Lemma lyap_dot_le t : lyap_dot t <= - edge_energy t.
Proof.
  assert (Hpairs : sumR N (fun i => sumR N (fun j => pair_dot i j t))
      <= Rabs sigma * pinv_spread * edge_energy t
         - 2 * INR N * sumR E (fun g => sumR q (fun l => r g t l * vtilde g l t))).
  { rewrite <- coupling_sum. pose proof (sigma_term_le t).
    enough (sumR N (fun i => sumR N (fun j => pair_dot i j t))
      <= sumR N (fun i => sumR N (fun j => sigma * sumR q (fun l => (y i t l - y j t l) ^ 2)))
         - sumR N (fun i => sumR N (fun j =>
             sumR q (fun l => (y i t l - y j t l) * (ctilde i l t - ctilde j l t))))) by lra.
    rewrite <- sumR_minus. apply sumR_le. intros i Hi. rewrite <- sumR_minus.
    apply sumR_le. intros j Hj. apply pair_dissipation; auto. }
  assert (Hsplit : sumR E (fun g => sumR q (fun l => r g t l * vtilde g l t))
      = sumR E (fun g => sumR q (fun l => r g t l *
          sumR N (fun j => Bp g j * sumR (m j) (fun k => Rm j l k * err g j k t))))
        + sumR E (fun g => kappa g t * sumR q (fun l => r g t l ^ 2))).
  { rewrite <- sumR_plus. apply sumR_ext. intros g Hg. rewrite <- sumR_scal_l, <- sumR_plus.
    apply sumR_ext. intros l Hl. unfold vtilde. ring. }
  assert (HN' : 0 < INR N) by (apply lt_0_INR; auto).
  assert (Hlevel : 2 * INR N * (gain_level * edge_energy t)
                   = (Rabs sigma * pinv_spread + 1) * edge_energy t)
    by (unfold gain_level; field; lra).
  pose proof (Rmult_le_compat_l (2 * INR N) _ _ ltac:(lra) (err_term_le t)).
  unfold lyap_dot. rewrite gain_term_eq. rewrite Hsplit in Hpairs.
  rewrite Rmult_minus_distr_l, Hlevel. rewrite Rmult_plus_distr_l in Hpairs. lra.
Qed.
(* Let $f$ be a function, $x^\star$ one of its global optima with associated $(\nu,\rho)$, let $C>1$, and let $d=d(\nu,C,\rho)$. After a run of \texttt{SequOOL} with budget $n$ (deterministic feedback), the simple regret $r_n=f(x^\star)-f(x(n))$ satisfies: - if $d=0$, then $r_n\le \nu\rho^{\frac1C\lfloor n/\bar\log n\rfloor}$; - if $d>0$, then $r_n\le \nu\exp\!\Big(-\frac1d W\big(\frac{d\log(1/\rho)}{C}\lfloor n/\bar\log n\rfloor\big)\Big)$.
   Context: Let $\mathcal X$ be a set and $f:\mathcal X\to\mathbb R$ a function attaining its supremum; a point $x^\star$ with $f(x^\star)=\sup_{x\in\mathcal X}f(x)$ is a global optimum. Hierarchical partitioning $\mathcal P=\{\mathcal P_{h,i}\}$: - for every depth $h\ge 0$, the cells $\{\mathcal P_{h,i}\}_{1\le i\le I_h}$ form a partition of $\mathcal X$, and $\mathcal P_{0,1}=\mathcal X$; - each cell $\mathcal P_{h,i}$ is partitioned into finitely many children cells of depth $h+1$; - each cell has a fixed representative point $x_{h,i}\in\mathcal P_{h,i}$, and we write $f_{h,i}=f(x_{h,i})$; - for a global optimum $x^\star$, $i^\star_h$ is the index of the unique depth-$h$ cell containing $x^\star$. Local smoothness: a global optimum $x^\star$ has associated $(\nu,\rho)$, with $\nu>0$ and $\rho\in(0,1)$, if for all $h\in\mathbb N$ and all $x\in\mathcal P_{h,i^\star_h}$ we have $f(x)\ge f(x^\star)-\nu\rho^h$. Near-optimality dimension: for $\nu>0$, $C>1$, $\rho\in(0,1)$, let $\mathcal N_h(\epsilon)$ be the number of depth-$h$ cells $\mathcal P_{h,i}$ with $\sup_{x\in\mathcal P_{h,i}}f(x)\ge f(x^\star)-\epsilon$. Define \[ d(\nu,C,\rho)=\inf\{d'\ge 0:\ \forall h\ge 0,\ \mathcal N_h(3\nu\rho^h)\le C\rho^{-d'h}\}, \] which is assumed finite. Notation: - $\bar\log n=\sum_{t=1}^n 1/t$ (the $n$-th harmonic number); - $W$ is the standard Lambert $W$ function: for $A\ge 0$, $W(A)$ is the unique $z\ge 0$ with $ze^z=A$. Deterministic feedback: evaluating a cell $\mathcal P_{h,i}$ returns $f_{h,i}$ exactly. Opening a cell means evaluating each of its children cells once. \texttt{SequOOL} with budget $n$: set $h_{\max}=\lfloor n/\bar\log n\rfloor$ and open $\mathcal P_{0,1}$. Then, for $h=1,2,\dots,h_{\max}$ in increasing order, open the $\lfloor h_{\max}/h\rfloor$ depth-$h$ cells having the largest values $f_{h,j}$ among the evaluated depth-$h$ cells (or all of them if there are fewer). Finally, output $x(n)$, a representative point $x_{h,i}$ of an evaluated cell maximizing $f_{h,i}$. *)

From Stdlib Require Import Reals Lra Lia List Classical ClassicalEpsilon ClassicalDescription.
Import ListNotations.
Open Scope R_scope.

(* \bar log n = sum_{t=1}^n 1/t *)
Fixpoint harmonic (n : nat) : R :=
  match n with
  | O => 0
  | S k => harmonic k + / INR (S k)
  end.

Definition floorN (x : R) : nat := Z.to_nat (Int_part x).

Definition hmax (n : nat) : nat := floorN (INR n / harmonic n).

Definition LambertW (A : R) : R :=
  epsilon (inhabits 0) (fun z => 0 <= z /\ z * exp z = A).

(* Depth-h cells are indexed by i < I h;
   cell h i is the membership predicate of P_{h,i}; rep h i = x_{h,i};
   parent h j is the index of the depth-h cell containing the depth-(h+1)
   cell j (determined by the nesting; given as data for computability). *)
Definition is_hier_partition {X : Type} (I : nat -> nat)
  (cell : nat -> nat -> X -> Prop) (parent : nat -> nat -> nat)
  (rep : nat -> nat -> X) : Prop :=
  I 0%nat = 1%nat /\
  (forall x, cell 0%nat 0%nat x) /\
  (forall h x, exists! i, (i < I h)%nat /\ cell h i x) /\
  (forall h i, (i < I h)%nat -> cell h i (rep h i)) /\
  (forall h j, (j < I (S h))%nat ->
      (parent h j < I h)%nat /\
      (forall x, cell (S h) j x -> cell h (parent h j) x)).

# # # #

About this task
Set down the records again verbatim, so that each word stays as it is.

Exercise result
Lemma lyap_dot_le t : lyap_dot t <= - edge_energy t.
Proof.
  assert (Hpairs : sumR N (fun i => sumR N (fun j => pair_dot i j t))
      <= Rabs sigma * pinv_spread * edge_energy t
         - 2 * INR N * sumR E (fun g => sumR q (fun l => r g t l * vtilde g l t))).
  { rewrite <- coupling_sum. pose proof (sigma_term_le t).
    enough (sumR N (fun i => sumR N (fun j => pair_dot i j t))
      <= sumR N (fun i => sumR N (fun j => sigma * sumR q (fun l => (y i t l - y j t l) ^ 2)))
         - sumR N (fun i => sumR N (fun j =>
             sumR q (fun l => (y i t l - y j t l) * (ctilde i l t - ctilde j l t))))) by lra.
    rewrite <- sumR_minus. apply sumR_le. intros i Hi. rewrite <- sumR_minus.
    apply sumR_le. intros j Hj. apply pair_dissipation; auto. }
  assert (Hsplit : sumR E (fun g => sumR q (fun l => r g t l * vtilde g l t))
      = sumR E (fun g => sumR q (fun l => r g t l *
          sumR N (fun j => Bp g j * sumR (m j) (fun k => Rm j l k * err g j k t))))
        + sumR E (fun g => kappa g t * sumR q (fun l => r g t l ^ 2))).
  { rewrite <- sumR_plus. apply sumR_ext. intros g Hg. rewrite <- sumR_scal_l, <- sumR_plus.
    apply sumR_ext. intros l Hl. unfold vtilde. ring. }
  assert (HN' : 0 < INR N) by (apply lt_0_INR; auto).
  assert (Hlevel : 2 * INR N * (gain_level * edge_energy t)
                   = (Rabs sigma * pinv_spread + 1) * edge_energy t)
    by (unfold gain_level; field; lra).
  pose proof (Rmult_le_compat_l (2 * INR N) _ _ ltac:(lra) (err_term_le t)).
  unfold lyap_dot. rewrite gain_term_eq. rewrite Hsplit in Hpairs.
  rewrite Rmult_minus_distr_l, Hlevel. rewrite Rmult_plus_distr_l in Hpairs. lra.
Qed.
(* Let $f$ be a function, $x^\star$ one of its global optima with associated $(\nu,\rho)$, let $C>1$, and let $d=d(\nu,C,\rho)$. After a run of \texttt{SequOOL} with budget $n$ (deterministic feedback), the simple regret $r_n=f(x^\star)-f(x(n))$ satisfies: - if $d=0$, then $r_n\le \nu\rho^{\frac1C\lfloor n/\bar\log n\rfloor}$; - if $d>0$, then $r_n\le \nu\exp\!\Big(-\frac1d W\big(\frac{d\log(1/\rho)}{C}\lfloor n/\bar\log n\rfloor\big)\Big)$.
   Context: Let $\mathcal X$ be a set and $f:\mathcal X\to\mathbb R$ a function attaining its supremum; a point $x^\star$ with $f(x^\star)=\sup_{x\in\mathcal X}f(x)$ is a global optimum. Hierarchical partitioning $\mathcal P=\{\mathcal P_{h,i}\}$: - for every depth $h\ge 0$, the cells $\{\mathcal P_{h,i}\}_{1\le i\le I_h}$ form a partition of $\mathcal X$, and $\mathcal P_{0,1}=\mathcal X$; - each cell $\mathcal P_{h,i}$ is partitioned into finitely many children cells of depth $h+1$; - each cell has a fixed representative point $x_{h,i}\in\mathcal P_{h,i}$, and we write $f_{h,i}=f(x_{h,i})$; - for a global optimum $x^\star$, $i^\star_h$ is the index of the unique depth-$h$ cell containing $x^\star$. Local smoothness: a global optimum $x^\star$ has associated $(\nu,\rho)$, with $\nu>0$ and $\rho\in(0,1)$, if for all $h\in\mathbb N$ and all $x\in\mathcal P_{h,i^\star_h}$ we have $f(x)\ge f(x^\star)-\nu\rho^h$. Near-optimality dimension: for $\nu>0$, $C>1$, $\rho\in(0,1)$, let $\mathcal N_h(\epsilon)$ be the number of depth-$h$ cells $\mathcal P_{h,i}$ with $\sup_{x\in\mathcal P_{h,i}}f(x)\ge f(x^\star)-\epsilon$. Define \[ d(\nu,C,\rho)=\inf\{d'\ge 0:\ \forall h\ge 0,\ \mathcal N_h(3\nu\rho^h)\le C\rho^{-d'h}\}, \] which is assumed finite. Notation: - $\bar\log n=\sum_{t=1}^n 1/t$ (the $n$-th harmonic number); - $W$ is the standard Lambert $W$ function: for $A\ge 0$, $W(A)$ is the unique $z\ge 0$ with $ze^z=A$. Deterministic feedback: evaluating a cell $\mathcal P_{h,i}$ returns $f_{h,i}$ exactly. Opening a cell means evaluating each of its children cells once. \texttt{SequOOL} with budget $n$: set $h_{\max}=\lfloor n/\bar\log n\rfloor$ and open $\mathcal P_{0,1}$. Then, for $h=1,2,\dots,h_{\max}$ in increasing order, open the $\lfloor h_{\max}/h\rfloor$ depth-$h$ cells having the largest values $f_{h,j}$ among the evaluated depth-$h$ cells (or all of them if there are fewer). Finally, output $x(n)$, a representative point $x_{h,i}$ of an evaluated cell maximizing $f_{h,i}$. *)

From Stdlib Require Import Reals Lra Lia List Classical ClassicalEpsilon ClassicalDescription.
Import ListNotations.
Open Scope R_scope.

(* \bar log n = sum_{t=1}^n 1/t *)
Fixpoint harmonic (n : nat) : R :=
  match n with
  | O => 0
  | S k => harmonic k + / INR (S k)
  end.

Definition floorN (x : R) : nat := Z.to_nat (Int_part x).

Definition hmax (n : nat) : nat := floorN (INR n / harmonic n).

Definition LambertW (A : R) : R :=
  epsilon (inhabits 0) (fun z => 0 <= z /\ z * exp z = A).

(* Depth-h cells are indexed by i < I h;
   cell h i is the membership predicate of P_{h,i}; rep h i = x_{h,i};
   parent h j is the index of the depth-h cell containing the depth-(h+1)
   cell j (determined by the nesting; given as data for computability). *)
Definition is_hier_partition {X : Type} (I : nat -> nat)
  (cell : nat -> nat -> X -> Prop) (parent : nat -> nat -> nat)
  (rep : nat -> nat -> X) : Prop :=
  I 0%nat = 1%nat /\
  (forall x, cell 0%nat 0%nat x) /\
  (forall h x, exists! i, (i < I h)%nat /\ cell h i x) /\
  (forall h i, (i < I h)%nat -> cell h i (rep h i)) /\
  (forall h j, (j < I (S h))%nat ->
      (parent h j < I h)%nat /\
      (forall x, cell (S h) j x -> cell h (parent h j) x)).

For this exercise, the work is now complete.